**Your instructions**: Quote all of the data below exactly, please.
Start of Information provided
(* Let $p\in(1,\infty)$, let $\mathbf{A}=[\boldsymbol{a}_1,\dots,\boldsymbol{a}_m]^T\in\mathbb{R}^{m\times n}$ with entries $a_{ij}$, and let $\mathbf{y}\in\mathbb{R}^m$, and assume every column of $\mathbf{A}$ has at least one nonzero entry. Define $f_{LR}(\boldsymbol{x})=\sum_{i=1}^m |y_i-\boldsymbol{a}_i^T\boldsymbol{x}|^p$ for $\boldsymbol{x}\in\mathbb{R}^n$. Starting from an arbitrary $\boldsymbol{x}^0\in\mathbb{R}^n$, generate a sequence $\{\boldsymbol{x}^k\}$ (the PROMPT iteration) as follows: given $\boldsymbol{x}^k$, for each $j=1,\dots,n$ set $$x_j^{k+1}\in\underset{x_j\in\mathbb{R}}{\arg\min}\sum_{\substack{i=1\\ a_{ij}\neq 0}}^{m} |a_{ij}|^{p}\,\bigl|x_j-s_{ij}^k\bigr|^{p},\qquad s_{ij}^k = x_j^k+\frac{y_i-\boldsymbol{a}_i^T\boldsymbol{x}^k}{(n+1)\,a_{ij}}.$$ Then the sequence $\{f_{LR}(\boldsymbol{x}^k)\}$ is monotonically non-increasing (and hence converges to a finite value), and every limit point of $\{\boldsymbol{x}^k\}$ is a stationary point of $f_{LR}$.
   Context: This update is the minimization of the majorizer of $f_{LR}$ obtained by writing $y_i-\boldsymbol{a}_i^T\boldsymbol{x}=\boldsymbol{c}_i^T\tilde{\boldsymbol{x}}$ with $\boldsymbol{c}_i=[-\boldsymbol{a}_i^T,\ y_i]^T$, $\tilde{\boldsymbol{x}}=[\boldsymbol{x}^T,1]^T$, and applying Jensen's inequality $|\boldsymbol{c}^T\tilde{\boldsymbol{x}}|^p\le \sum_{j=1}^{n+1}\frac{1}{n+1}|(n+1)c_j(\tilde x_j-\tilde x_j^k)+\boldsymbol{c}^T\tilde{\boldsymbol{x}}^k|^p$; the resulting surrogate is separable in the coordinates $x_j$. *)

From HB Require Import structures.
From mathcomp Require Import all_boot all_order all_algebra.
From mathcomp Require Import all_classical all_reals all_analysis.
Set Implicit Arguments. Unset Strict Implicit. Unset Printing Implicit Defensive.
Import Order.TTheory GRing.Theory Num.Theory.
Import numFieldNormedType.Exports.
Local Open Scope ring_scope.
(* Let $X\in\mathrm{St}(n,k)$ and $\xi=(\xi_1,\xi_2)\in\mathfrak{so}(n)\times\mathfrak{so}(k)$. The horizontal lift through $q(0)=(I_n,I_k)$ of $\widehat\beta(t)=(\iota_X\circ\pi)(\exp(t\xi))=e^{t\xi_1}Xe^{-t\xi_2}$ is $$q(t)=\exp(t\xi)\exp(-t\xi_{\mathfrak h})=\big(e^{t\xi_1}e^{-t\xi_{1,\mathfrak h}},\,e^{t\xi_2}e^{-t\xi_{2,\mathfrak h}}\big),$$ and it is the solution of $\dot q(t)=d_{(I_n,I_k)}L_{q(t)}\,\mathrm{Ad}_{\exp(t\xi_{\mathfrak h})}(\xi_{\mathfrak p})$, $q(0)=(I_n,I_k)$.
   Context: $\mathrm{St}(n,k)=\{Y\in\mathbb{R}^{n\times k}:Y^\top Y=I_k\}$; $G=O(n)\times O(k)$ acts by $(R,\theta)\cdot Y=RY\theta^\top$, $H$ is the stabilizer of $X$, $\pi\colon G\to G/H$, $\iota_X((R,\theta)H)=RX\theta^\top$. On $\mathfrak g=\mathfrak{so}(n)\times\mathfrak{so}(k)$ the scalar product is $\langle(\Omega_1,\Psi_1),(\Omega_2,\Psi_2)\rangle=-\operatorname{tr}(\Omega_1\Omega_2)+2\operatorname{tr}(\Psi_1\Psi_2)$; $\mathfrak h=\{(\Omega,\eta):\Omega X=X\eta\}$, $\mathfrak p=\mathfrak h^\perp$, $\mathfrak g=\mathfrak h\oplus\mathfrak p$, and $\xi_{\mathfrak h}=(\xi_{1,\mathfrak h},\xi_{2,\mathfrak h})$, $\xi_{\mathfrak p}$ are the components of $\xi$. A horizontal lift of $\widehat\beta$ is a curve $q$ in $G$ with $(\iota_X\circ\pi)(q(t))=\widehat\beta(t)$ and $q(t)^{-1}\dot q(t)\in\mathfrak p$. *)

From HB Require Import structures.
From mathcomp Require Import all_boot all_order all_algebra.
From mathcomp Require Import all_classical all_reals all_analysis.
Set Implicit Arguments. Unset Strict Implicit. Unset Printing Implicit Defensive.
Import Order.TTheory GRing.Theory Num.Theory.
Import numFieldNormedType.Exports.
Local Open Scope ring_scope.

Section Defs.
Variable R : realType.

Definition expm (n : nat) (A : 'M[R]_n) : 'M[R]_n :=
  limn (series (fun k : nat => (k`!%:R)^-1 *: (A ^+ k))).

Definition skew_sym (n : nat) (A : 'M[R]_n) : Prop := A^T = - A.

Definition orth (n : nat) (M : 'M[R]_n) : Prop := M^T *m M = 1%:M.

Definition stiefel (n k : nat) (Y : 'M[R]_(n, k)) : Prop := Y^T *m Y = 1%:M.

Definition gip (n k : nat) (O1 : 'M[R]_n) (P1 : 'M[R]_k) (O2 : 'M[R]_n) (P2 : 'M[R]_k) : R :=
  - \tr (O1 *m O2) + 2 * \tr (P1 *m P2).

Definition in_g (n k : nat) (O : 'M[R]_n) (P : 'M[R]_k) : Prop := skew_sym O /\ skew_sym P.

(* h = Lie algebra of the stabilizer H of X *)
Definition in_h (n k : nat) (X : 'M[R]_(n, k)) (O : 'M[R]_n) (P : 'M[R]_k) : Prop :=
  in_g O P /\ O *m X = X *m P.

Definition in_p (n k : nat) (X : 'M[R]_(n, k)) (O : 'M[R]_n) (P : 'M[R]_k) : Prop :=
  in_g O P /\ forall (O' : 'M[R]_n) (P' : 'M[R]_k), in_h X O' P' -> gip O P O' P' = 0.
End of Information provided
**Output**:
(* Let $p\in(1,\infty)$, let $\mathbf{A}=[\boldsymbol{a}_1,\dots,\boldsymbol{a}_m]^T\in\mathbb{R}^{m\times n}$ with entries $a_{ij}$, and let $\mathbf{y}\in\mathbb{R}^m$, and assume every column of $\mathbf{A}$ has at least one nonzero entry. Define $f_{LR}(\boldsymbol{x})=\sum_{i=1}^m |y_i-\boldsymbol{a}_i^T\boldsymbol{x}|^p$ for $\boldsymbol{x}\in\mathbb{R}^n$. Starting from an arbitrary $\boldsymbol{x}^0\in\mathbb{R}^n$, generate a sequence $\{\boldsymbol{x}^k\}$ (the PROMPT iteration) as follows: given $\boldsymbol{x}^k$, for each $j=1,\dots,n$ set $$x_j^{k+1}\in\underset{x_j\in\mathbb{R}}{\arg\min}\sum_{\substack{i=1\\ a_{ij}\neq 0}}^{m} |a_{ij}|^{p}\,\bigl|x_j-s_{ij}^k\bigr|^{p},\qquad s_{ij}^k = x_j^k+\frac{y_i-\boldsymbol{a}_i^T\boldsymbol{x}^k}{(n+1)\,a_{ij}}.$$ Then the sequence $\{f_{LR}(\boldsymbol{x}^k)\}$ is monotonically non-increasing (and hence converges to a finite value), and every limit point of $\{\boldsymbol{x}^k\}$ is a stationary point of $f_{LR}$.
   Context: This update is the minimization of the majorizer of $f_{LR}$ obtained by writing $y_i-\boldsymbol{a}_i^T\boldsymbol{x}=\boldsymbol{c}_i^T\tilde{\boldsymbol{x}}$ with $\boldsymbol{c}_i=[-\boldsymbol{a}_i^T,\ y_i]^T$, $\tilde{\boldsymbol{x}}=[\boldsymbol{x}^T,1]^T$, and applying Jensen's inequality $|\boldsymbol{c}^T\tilde{\boldsymbol{x}}|^p\le \sum_{j=1}^{n+1}\frac{1}{n+1}|(n+1)c_j(\tilde x_j-\tilde x_j^k)+\boldsymbol{c}^T\tilde{\boldsymbol{x}}^k|^p$; the resulting surrogate is separable in the coordinates $x_j$. *)

From HB Require Import structures.
From mathcomp Require Import all_boot all_order all_algebra.
From mathcomp Require Import all_classical all_reals all_analysis.
Set Implicit Arguments. Unset Strict Implicit. Unset Printing Implicit Defensive.
Import Order.TTheory GRing.Theory Num.Theory.
Import numFieldNormedType.Exports.
Local Open Scope ring_scope.
(* Let $X\in\mathrm{St}(n,k)$ and $\xi=(\xi_1,\xi_2)\in\mathfrak{so}(n)\times\mathfrak{so}(k)$. The horizontal lift through $q(0)=(I_n,I_k)$ of $\widehat\beta(t)=(\iota_X\circ\pi)(\exp(t\xi))=e^{t\xi_1}Xe^{-t\xi_2}$ is $$q(t)=\exp(t\xi)\exp(-t\xi_{\mathfrak h})=\big(e^{t\xi_1}e^{-t\xi_{1,\mathfrak h}},\,e^{t\xi_2}e^{-t\xi_{2,\mathfrak h}}\big),$$ and it is the solution of $\dot q(t)=d_{(I_n,I_k)}L_{q(t)}\,\mathrm{Ad}_{\exp(t\xi_{\mathfrak h})}(\xi_{\mathfrak p})$, $q(0)=(I_n,I_k)$.
   Context: $\mathrm{St}(n,k)=\{Y\in\mathbb{R}^{n\times k}:Y^\top Y=I_k\}$; $G=O(n)\times O(k)$ acts by $(R,\theta)\cdot Y=RY\theta^\top$, $H$ is the stabilizer of $X$, $\pi\colon G\to G/H$, $\iota_X((R,\theta)H)=RX\theta^\top$. On $\mathfrak g=\mathfrak{so}(n)\times\mathfrak{so}(k)$ the scalar product is $\langle(\Omega_1,\Psi_1),(\Omega_2,\Psi_2)\rangle=-\operatorname{tr}(\Omega_1\Omega_2)+2\operatorname{tr}(\Psi_1\Psi_2)$; $\mathfrak h=\{(\Omega,\eta):\Omega X=X\eta\}$, $\mathfrak p=\mathfrak h^\perp$, $\mathfrak g=\mathfrak h\oplus\mathfrak p$, and $\xi_{\mathfrak h}=(\xi_{1,\mathfrak h},\xi_{2,\mathfrak h})$, $\xi_{\mathfrak p}$ are the components of $\xi$. A horizontal lift of $\widehat\beta$ is a curve $q$ in $G$ with $(\iota_X\circ\pi)(q(t))=\widehat\beta(t)$ and $q(t)^{-1}\dot q(t)\in\mathfrak p$. *)

From HB Require Import structures.
From mathcomp Require Import all_boot all_order all_algebra.
From mathcomp Require Import all_classical all_reals all_analysis.
Set Implicit Arguments. Unset Strict Implicit. Unset Printing Implicit Defensive.
Import Order.TTheory GRing.Theory Num.Theory.
Import numFieldNormedType.Exports.
Local Open Scope ring_scope.

Section Defs.
Variable R : realType.

Definition expm (n : nat) (A : 'M[R]_n) : 'M[R]_n :=
  limn (series (fun k : nat => (k`!%:R)^-1 *: (A ^+ k))).

Definition skew_sym (n : nat) (A : 'M[R]_n) : Prop := A^T = - A.

Definition orth (n : nat) (M : 'M[R]_n) : Prop := M^T *m M = 1%:M.

Definition stiefel (n k : nat) (Y : 'M[R]_(n, k)) : Prop := Y^T *m Y = 1%:M.

Definition gip (n k : nat) (O1 : 'M[R]_n) (P1 : 'M[R]_k) (O2 : 'M[R]_n) (P2 : 'M[R]_k) : R :=
  - \tr (O1 *m O2) + 2 * \tr (P1 *m P2).

Definition in_g (n k : nat) (O : 'M[R]_n) (P : 'M[R]_k) : Prop := skew_sym O /\ skew_sym P.

(* h = Lie algebra of the stabilizer H of X *)
Definition in_h (n k : nat) (X : 'M[R]_(n, k)) (O : 'M[R]_n) (P : 'M[R]_k) : Prop :=
  in_g O P /\ O *m X = X *m P.

Definition in_p (n k : nat) (X : 'M[R]_(n, k)) (O : 'M[R]_n) (P : 'M[R]_k) : Prop :=
  in_g O P /\ forall (O' : 'M[R]_n) (P' : 'M[R]_k), in_h X O' P' -> gip O P O' P' = 0.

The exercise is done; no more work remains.